Security and usability are not mutually exclusive. You can have your cake AND eat it too. Here is how we’ve made your customer’s experience better

Domain-bound passcode tokens in text messages

We’ve updated our standard text message templates to include domain-bound passcode tokens. This helps ensure that passcodes from text messages are available for autofill on all devices that support this.

Date picker options

Not all date input methods are alike. Some are better for picking a recent date and other are best for entering a known date that is far in advance. Now you can determine the best date input method for the context when setting up an attribute in an identity store. Entering a known date such as a birthdate is now much easier for your customers.

Improvements for you, the brand administrator

Import/export/copy policies

Need to duplicate a policy configuration?

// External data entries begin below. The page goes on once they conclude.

(* Let $\omega\colon\mathbf Z_+\to(0,+\infty)$ be a positive weight, let $\mu\in\mathbf C\setminus\{0\}$ and let $f(z)=\sum_{k\ge3}c_kz^k\in\mathcal X_\omega$ be such that for every $m\ge1$ and every $n\ge0$, \[\frac{\mu^{-1}c_{(3m+2)2^n}}{\omega((3m+2)2^n)}=\frac{c_{(2m+1)2^n}}{\omega((2m+1)2^n)}\quad\text{and}\quad c_{2^{n+2}}=0.\] Then for every $k\ge3$ with $k\notin\{2^i;\ i\ge2\}$ there exist integer sequences $(m_n)_{n\ge1}$, $(p_n)_{n\ge1}$, $(j_n)_{n\ge1}$ such that: (i) $c_k=\big(\mu^{-n}\omega((2m_1+1)2^{p_1})/\omega((3m_n+2)2^{p_n})\big)\,c_{(3m_n+2)2^{p_n}}$ for every $n\ge1$; (ii) $m_n\ge1$ for every $n\ge1$; (iii) $3m_n+2=T^{j_n}(k)$ for every $n\ge1$; (iv) for every $n\ge1$, $j_{n+1}>j_n$ if and only if $3m_n+2\notin\{2^i;\ i\ge2\}$; (v) $(j_n)_{n\ge1}$ and $((3m_n+2)2^{p_n})_{n\ge1}$ are either both strictly increasing or both stationary.
   Context: $T\colon\mathbf Z_+\to\mathbf Z_+$ is the modified Collatz map: $T(n)=n/2$ for $n$ even, $T(n)=(3n+1)/2$ for $n$ odd. $\mathcal X_\omega$ is the Hilbert space of holomorphic functions $f(z)=\sum_{n\ge3}c_nz^n$ on the unit disk with $\|f\|_\omega^2=\sum_{n\ge3}|c_n|^2/\omega(n)<\infty$. *)

From Stdlib Require Import Reals Arith.
From Coquelicot Require Import Coquelicot.

(* Modified Collatz map T on positive integers (T 0 = 0 is irrelevant). *)
Definition T (n : nat) : nat :=
  if Nat.even n then Nat.div n 2 else Nat.div (3 * n + 1) 2.

Definition Titer (j k : nat) : nat := Nat.iter j T k.

Definition pow2_ge4 (n : nat) : Prop := exists i : nat, (2 <= i)%nat /\ n = (2 ^ i)%nat.

(* f(z) = sum_{n>=3} c_n z^n, represented by its coefficient sequence c,
   belongs to X_omega: c_n = 0 for n < 3, f is holomorphic on the unit disk
   (the power series converges on |z| < 1), and sum |c_n|^2/omega(n) < oo. *)
Definition in_X (omega : nat -> R) (c : nat -> C) : Prop :=
  (forall n : nat, (n < 3)%nat -> c n = 0%C) /\
  (forall z : C, Cmod z < 1 -> ex_pseries c z) /\
  ex_series (fun n : nat => (Cmod (c n)) ^ 2 / omega n).

Definition strictly_incr (s : nat -> nat) : Prop :=
  forall n : nat, (1 <= n)%nat -> (s n < s (S n))%nat.

Definition stationary (s : nat -> nat) : Prop :=
  exists N : nat, (1 <= N)%nat /\ forall n : nat, (N <= n)%nat -> s n = s N.

From Stdlib Require Import Reals Arith Lia Lra Classical.
From Coquelicot Require Import Coquelicot.

(* Write k = (2m+1)2^p with m >= 1 (possible since k is not a power of 2).
   The hypothesis says that c_n/omega(n) at (2m+1)2^p is mu^-1 times its value
   at (3m+2)2^p, and T^(p+1) maps (2m+1)2^p to 3m+2.  Writing (3m+2)2^p again
   as (2m'+1)2^p' and iterating follows the Collatz orbit of k, picking up a
   factor mu^-1 at each step.  The iteration stalls exactly when 3m+2 is a
   power of 2; then (3m+2)2^p is a power of 2 at least 4, its coefficient
   vanishes, hence c_k = 0 and the sequences can be frozen.  Otherwise
   (3m+2)2^p = (2m'+1)2^p' < (3m'+2)2^p', so both sequences increase. *)

Local Open Scope nat_scope.

Fixpoint odd_decomp_fuel (fuel n : nat) : nat * nat :=
  match fuel with
  | O => (0, 0)
  | S fuel =>
      if Nat.even n then let (a, b) := odd_decomp_fuel fuel (Nat.div2 n) in (a, S b)
      else (Nat.div2 n, 0)
  end.

(* Each recursive call halves [n], so [n] units of fuel suffice. *)
Definition odd_decomp (n : nat) : nat * nat := odd_decomp_fuel n n.

Lemma odd_decomp_fuel_spec fuel n :
  0 < n <= fuel ->
  let (a, b) := odd_decomp_fuel fuel n in n = (2 * a + 1) * 2 ^ b.
Proof.
  revert n; induction fuel as [|fuel IH]; intros n Hn; [lia|]; cbn [odd_decomp_fuel].
  destruct (Nat.even n) eqn:Hev.
  - apply Nat.even_spec in Hev as [h ->]. rewrite Nat.div2_double.
    specialize (IH h ltac:(lia)). destruct (odd_decomp_fuel fuel h) as [a b].
    rewrite Nat.pow_succ_r'. lia.
  - assert (Hodd : Nat.odd n = true) by (unfold Nat.odd; rewrite Hev; reflexivity).
    apply Nat.odd_spec in Hodd as [h ->]. rewrite Nat.add_1_r, Nat.div2_succ_double. cbn. lia.
Qed.

Lemma odd_decomp_spec n :
  0 < n -> let (a, b) := odd_decomp n in n = (2 * a + 1) * 2 ^ b.
Proof. intros Hn. apply odd_decomp_fuel_spec. lia. Qed.

Lemma odd_mul_pow2_eq_pow2 a b i : (2 * a + 1) * 2 ^ b = 2 ^ i -> a = 0.
Proof.
  revert i; induction b as [|b IH]; intros [|i] E; rewrite ?Nat.pow_succ_r' in E;
    cbn [Nat.pow] in E; try lia.
  apply (IH i). nia.
Qed.

Lemma pow2_ge4_pow2 b : 3 <= 2 ^ b -> pow2_ge4 (2 ^ b).
Proof. intros Hb. exists b. split; [|reflexivity]. destruct b as [|[|b]]; cbn in Hb; lia. Qed.

Lemma odd_mul_pow2_not_pow2_ge4 a b : 1 <= a -> ~ pow2_ge4 ((2 * a + 1) * 2 ^ b).
Proof. intros Ha [i [_ E]]. apply odd_mul_pow2_eq_pow2 in E. lia. Qed.

Lemma T_double n : T (2 * n) = n.
Proof.
  unfold T. rewrite Nat.even_mul. cbn [Nat.even orb].
  rewrite Nat.mul_comm. apply Nat.div_mul. lia.
Qed.

Lemma T_odd a : T (2 * a + 1) = 3 * a + 2.
Proof.
  unfold T. rewrite Nat.even_add, Nat.even_mul. cbn [Nat.even orb Bool.eqb].
  replace (3 * (2 * a + 1) + 1) with ((3 * a + 2) * 2) by lia. apply Nat.div_mul. lia.
Qed.

Lemma Titer_add i j n : Titer (i + j) n = Titer i (Titer j n).
Proof. apply Nat.iter_add. Qed.

Lemma Titer_mul_pow2 b n : Titer b (n * 2 ^ b) = n.
Proof.
  revert n; induction b as [|b IH]; intros n; [cbn; lia|].
  unfold Titer in *. rewrite Nat.iter_succ_r, Nat.pow_succ_r'.
  replace (n * (2 * 2 ^ b)) with (2 * (n * 2 ^ b)) by lia. rewrite T_double. apply IH.
Qed.

Lemma Titer_odd_mul_pow2 a b : Titer (S b) ((2 * a + 1) * 2 ^ b) = 3 * a + 2.
Proof.
  rewrite <- Nat.add_1_l, Titer_add, Titer_mul_pow2. unfold Titer. cbn. apply T_odd.
Qed.

(* The state (m, p, j) carries the pair (2m+1)2^p, (3m+2)2^p related by the
   hypothesis, together with the number j of Collatz steps from k to 3m+2. *)
Record state := State { st_m : nat; st_p : nat; st_j : nat }.

Definition st_in (s : state) : nat := (2 * st_m s + 1) * 2 ^ st_p s.
Definition st_out (s : state) : nat := (3 * st_m s + 2) * 2 ^ st_p s.

Definition step (s : state) : state :=
  let (a, b) := odd_decomp (3 * st_m s + 2) in
  if a =? 0 then s else State a (st_p s + b) (S b + st_j s).

Definition initial_state (k : nat) : state :=
  let (a, b) := odd_decomp k in State a b (S b).

Definition orbit (k i : nat) : state := Nat.iter i step (initial_state k).

Lemma st_in_lt_st_out s : st_in s < st_out s.
Proof.
  unfold st_in, st_out. apply Nat.mul_lt_mono_pos_r; [|lia].
  apply Nat.neq_0_lt_0, Nat.pow_nonzero. lia.
Qed.

Variant step_spec (s : state) : state -> Prop :=
  | StepStall : pow2_ge4 (3 * st_m s + 2) -> step_spec s s
  | StepMove a b : 1 <= a -> 3 * st_m s + 2 = (2 * a + 1) * 2 ^ b ->
      step_spec s (State a (st_p s + b) (S b + st_j s)).

Lemma stepP s : 1 <= st_m s -> step_spec s (step s).
Proof.
  intros Hm. unfold step.
  pose proof (odd_decomp_spec (3 * st_m s + 2) ltac:(lia)) as Hdec.
  destruct (odd_decomp (3 * st_m s + 2)) as [a b].
  destruct (Nat.eqb_spec a 0) as [-> | Ha].
  - constructor. replace (3 * st_m s + 2) with (2 ^ b) by lia.
    apply pow2_ge4_pow2. lia.
  - constructor; lia.
Qed.

Section Orbit.

Variable k : nat.
Hypothesis Hk3 : 3 <= k.
Hypothesis Hk : ~ pow2_ge4 k.

Lemma orbit_S i : orbit k (S i) = step (orbit k i).
Proof. reflexivity. Qed.

Lemma st_in_orbit0 : st_in (orbit k 0) = k.
Proof.
  unfold orbit, initial_state, st_in; cbn [Nat.iter].
  pose proof (odd_decomp_spec k ltac:(lia)) as Hdec.
  destruct (odd_decomp k) as [a b]. cbn. lia.
Qed.

Lemma orbit_m_pos i : 1 <= st_m (orbit k i).
Proof.
  induction i as [|i IH].
  - pose proof st_in_orbit0 as Hin. unfold st_in in Hin.
    destruct (st_m (orbit k 0)) as [|a]; [|lia].
    exfalso. apply Hk. rewrite <- Hin, Nat.mul_1_l. apply pow2_ge4_pow2. lia.
  - rewrite orbit_S. destruct (stepP _ IH); cbn; lia.
Qed.

Lemma orbit_Titer i : Titer (st_j (orbit k i)) k = 3 * st_m (orbit k i) + 2.
Proof.
  induction i as [|i IH].
  - rewrite <- st_in_orbit0 at 2.
    unfold orbit, initial_state, st_in; cbn [Nat.iter].
    destruct (odd_decomp k) as [a b]. apply Titer_odd_mul_pow2.
  - rewrite orbit_S. destruct (stepP _ (orbit_m_pos i)) as [_ | a b _ E]; [exact IH|].
    cbn [st_j st_m]. rewrite Titer_add, IH, E. apply Titer_odd_mul_pow2.
Qed.

Lemma orbit_stall i :
  pow2_ge4 (3 * st_m (orbit k i) + 2) -> orbit k (S i) = orbit k i.
Proof.
  intros Hpow. rewrite orbit_S.
  destruct (stepP _ (orbit_m_pos i)) as [_ | a b Ha E]; [reflexivity|].
  rewrite E in Hpow. destruct (odd_mul_pow2_not_pow2_ge4 a b Ha Hpow).
Qed.

Lemma orbit_move i :
  ~ pow2_ge4 (3 * st_m (orbit k i) + 2) ->
  st_j (orbit k i) < st_j (orbit k (S i)) /\ st_in (orbit k (S i)) = st_out (orbit k i).
Proof.
  intros Hpow. rewrite orbit_S.
  destruct (stepP _ (orbit_m_pos i)) as [Hpow' | a b _ E]; [contradiction|].
  unfold st_in, st_out; cbn [st_m st_p st_j]. rewrite E, Nat.pow_add_r. lia.
Qed.

Lemma orbit_j_lt_iff i :
  st_j (orbit k i) < st_j (orbit k (S i)) <-> ~ pow2_ge4 (3 * st_m (orbit k i) + 2).
Proof.
  split.
  - intros Hlt Hpow. rewrite (orbit_stall i Hpow) in Hlt. lia.
  - intros Hpow. apply (orbit_move i Hpow).
Qed.

Lemma orbit_stationary_or_increasing :
  (exists i0, forall i, i0 <= i -> orbit k i = orbit k i0) \/
  (forall i, st_j (orbit k i) < st_j (orbit k (S i)) /\
             st_out (orbit k i) < st_out (orbit k (S i))).
Proof.
  destruct (classic (exists i0, pow2_ge4 (3 * st_m (orbit k i0) + 2)))
    as [[i0 Hpow] | Hnever].
  - left. exists i0. intros i Hi. induction Hi as [|i Hi IH]; [reflexivity|].
    rewrite <- IH in Hpow |- *. now apply orbit_stall.
  - right. intros i.
    assert (Hpow : ~ pow2_ge4 (3 * st_m (orbit k i) + 2)) by eauto.
    destruct (orbit_move i Hpow) as [Hj Hin].
    split; [exact Hj|]. rewrite <- Hin. apply st_in_lt_st_out.
Qed.

Section Coefficients.

Local Close Scope nat_scope.

Variables (omega : nat -> R) (mu : C) (c : nat -> C).
Hypothesis Homega : forall n : nat, (1 <= n)%nat -> 0 < omega n.
Hypothesis Hrel : forall m n : nat, (1 <= m)%nat ->
  (/ mu * c ((3 * m + 2) * 2 ^ n)%nat / RtoC (omega ((3 * m + 2) * 2 ^ n)%nat))%C
  = (c ((2 * m + 1) * 2 ^ n)%nat / RtoC (omega ((2 * m + 1) * 2 ^ n)%nat))%C.
Hypothesis Hc_pow2 : forall n : nat, c (2 ^ (n + 2))%nat = 0%C.

Let wcoef (n : nat) : C := (c n / RtoC (omega n))%C.

Lemma wcoef_st_in s : (1 <= st_m s)%nat -> wcoef (st_in s) = (/ mu * wcoef (st_out s))%C.
Proof. intros Hm. unfold wcoef, st_in, st_out. rewrite <- Hrel by exact Hm. unfold Cdiv. ring. Qed.

Lemma c_st_out_stall s : pow2_ge4 (3 * st_m s + 2) -> c (st_out s) = 0.
Proof.
  intros [a [Ha E]]. unfold st_out. rewrite E, <- Nat.pow_add_r.
  replace (a + st_p s)%nat with (a + st_p s - 2 + 2)%nat by lia. apply Hc_pow2.
Qed.

Lemma wcoef_orbit i :
  wcoef (st_in (orbit k 0)) = ((/ mu) ^ S i * wcoef (st_out (orbit k i)))%C.
Proof.
  induction i as [|i IH].
  - rewrite Cpow_1_r. apply wcoef_st_in, orbit_m_pos.
  - destruct (classic (pow2_ge4 (3 * st_m (orbit k i) + 2))) as [Hpow | Hpow].
    + rewrite (orbit_stall i Hpow), IH. unfold wcoef.
      rewrite (c_st_out_stall _ Hpow), (Cpow_S _ (S i)). unfold Cdiv. ring.
    + destruct (orbit_move i Hpow) as [_ Hin].
      rewrite IH, <- Hin, wcoef_st_in, (Cpow_S _ (S i)) by apply orbit_m_pos. ring.
Qed.

Lemma coef_orbit i :
  c k = ((/ mu) ^ S i * RtoC (omega (st_in (orbit k 0)) / omega (st_out (orbit k i)))
         * c (st_out (orbit k i)))%C.
Proof.
  assert (Homega_nz : forall n, (1 <= n)%nat -> RtoC (omega n) <> 0).
  { intros n Hn E. apply RtoC_inj in E. specialize (Homega n Hn). lra. }
  assert (Hout : (1 <= st_out (orbit k i))%nat).
  { unfold st_out. pose proof (Nat.pow_nonzero 2 (st_p (orbit k i))). nia. }
  pose proof (wcoef_orbit i) as Hw. unfold wcoef in Hw. rewrite st_in_orbit0 in Hw |- *.
  transitivity (RtoC (omega k) * (c k / RtoC (omega k)))%C.
  { field. apply Homega_nz. lia. }
  rewrite Hw, RtoC_div by (apply Rgt_not_eq, Homega, Hout).
  field. now apply Homega_nz.
Qed.

End Coefficients.

End Orbit.

Local Close Scope nat_scope.

Theorem lemma2p8 (omega : nat -> R) (mu : C) (c : nat -> C) :
  (forall n : nat, (1 <= n)%nat -> 0 < omega n) ->
  mu <> 0%C ->
  in_X omega c ->
  (forall m n : nat, (1 <= m)%nat ->
     (/ mu * c ((3 * m + 2) * 2 ^ n)%nat / RtoC (omega ((3 * m + 2) * 2 ^ n)%nat))%C
     = (c ((2 * m + 1) * 2 ^ n)%nat / RtoC (omega ((2 * m + 1) * 2 ^ n)%nat))%C) ->
  (forall n : nat, c (2 ^ (n + 2))%nat = 0%C) ->
  forall k : nat, (3 <= k)%nat -> ~ pow2_ge4 k ->
  exists (m p j : nat -> nat),
    (forall n : nat, (1 <= n)%nat ->
       c k = ((/ mu) ^ n * RtoC (omega ((2 * m 1 + 1) * 2 ^ p 1)%nat
                                  / omega ((3 * m n + 2) * 2 ^ p n)%nat)
              * c ((3 * m n + 2) * 2 ^ p n)%nat)%C) /\
    (forall n : nat, (1 <= n)%nat -> (1 <= m n)%nat) /\
    (forall n : nat, (1 <= n)%nat -> (3 * m n + 2)%nat = Titer (j n) k) /\
    (forall n : nat, (1 <= n)%nat ->
       ((j n < j (S n))%nat <-> ~ pow2_ge4 (3 * m n + 2))) /\
    ((strictly_incr j /\ strictly_incr (fun n => (3 * m n + 2) * 2 ^ p n)%nat) \/
     (stationary j /\ stationary (fun n => (3 * m n + 2) * 2 ^ p n)%nat)).
Proof.
  intros Homega _ _ Hrel Hc_pow2 k Hk3 Hk.
  exists (fun n => st_m (orbit k (pred n))), (fun n => st_p (orbit k (pred n))),
    (fun n => st_j (orbit k (pred n))).
  split; [|split; [|split; [|split]]];
    try (intros [|n] Hn; [lia|]; cbn [pred]).
  - exact (coef_orbit k Hk3 Hk omega mu c Homega Hrel Hc_pow2 n).
  - exact (orbit_m_pos k Hk3 Hk n).
  - symmetry. exact (orbit_Titer k Hk3 Hk n).
  - exact (orbit_j_lt_iff k Hk3 Hk n).
  - destruct (orbit_stationary_or_increasing k Hk3 Hk) as [[i0 Hstat] | Hincr].
    + right. split; exists (S i0); split; [lia| |lia|]; intros n Hn;
        rewrite (Hstat (pred n)) by lia; reflexivity.
    + left. split; intros [|n] Hn; [lia| apply Hincr | lia | apply Hincr].
Qed.
(* Write q = t|V|, m = 2m', n = 2(m' + 2d) and h = m' + d (condition (i) and the
   parities give this shape).  It suffices to split the labels 1..q(m+n) into q
   blocks of size m and q blocks of size n, all with the same sum A = h(4qh + 1):
   give the m-part (resp. n-part) of copy c above vertex g of G the blocks indexed
   by (c, g); every vertex of tK_{m,n} (x) G then sees, for each of its deg(G)
   neighbours in G, a full block of the opposite part, hence the sum deg(G) A.
   The blocks are cut out of the array whose row r holds rq + 1, ..., rq + q.
   Block b of size m takes one entry in each of the rows a, ..., a + m except
   a + m - e, alternately in column b and q - 1 - b; the blocks of size n share
   the other rows in the same way.  The residue rho of d modulo q is then moved
   from the n-blocks to the m-blocks: one entry of each m-block advances rho
   places in the array, one entry of each n-block moves back rho places
   cyclically within its row, and the n-blocks' entries in rows a + m - e - 1 and
   a + m - e fill the gap.  The numbers a, e are chosen so that the m-blocks sum to A,
   and condition (ii), in the form 4qd^2 + d <= 2qm'^2, makes them fit in the
   m + n rows. *)

From Stdlib Require Import Reals ZArith Lra Lia.
From mathcomp Require Import all_boot zify.

Set Implicit Arguments.
Unset Strict Implicit.
Unset Printing Implicit Defensive.

Lemma sum_ord_id m : 2 * \sum_(i < m) i + m = m * m.
Proof.
elim: m => [|m IHm]; first by rewrite big_ord0.
move: IHm; rewrite big_ord_recr /=; set S := \sum_(i < m) i; lia.
Qed.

Hate copying and pasting? We have you covered. You can now simply duplicate an existing policy and save the configurations you need and change the ones you don’t. You can also export a policy configuration and import it into the same or different Strivacity cluster.

Account activity logs in the account lookup

Looking up a user? Want to know what they’ve been up to? Tired of navigating back and forth between the account activity logs and the account page? Me too. Now you don’t have to. All of the account activity logs associated with a customer are available in a tab right next to the customer’s account information.

Additional account events

In addition to making account events easier to find for customers, we’ve added additional events to give you more information about what is happening when a customer is registering and logging in.

Resolved Issues

The following are a list of bugs we fixed that you might be interested in.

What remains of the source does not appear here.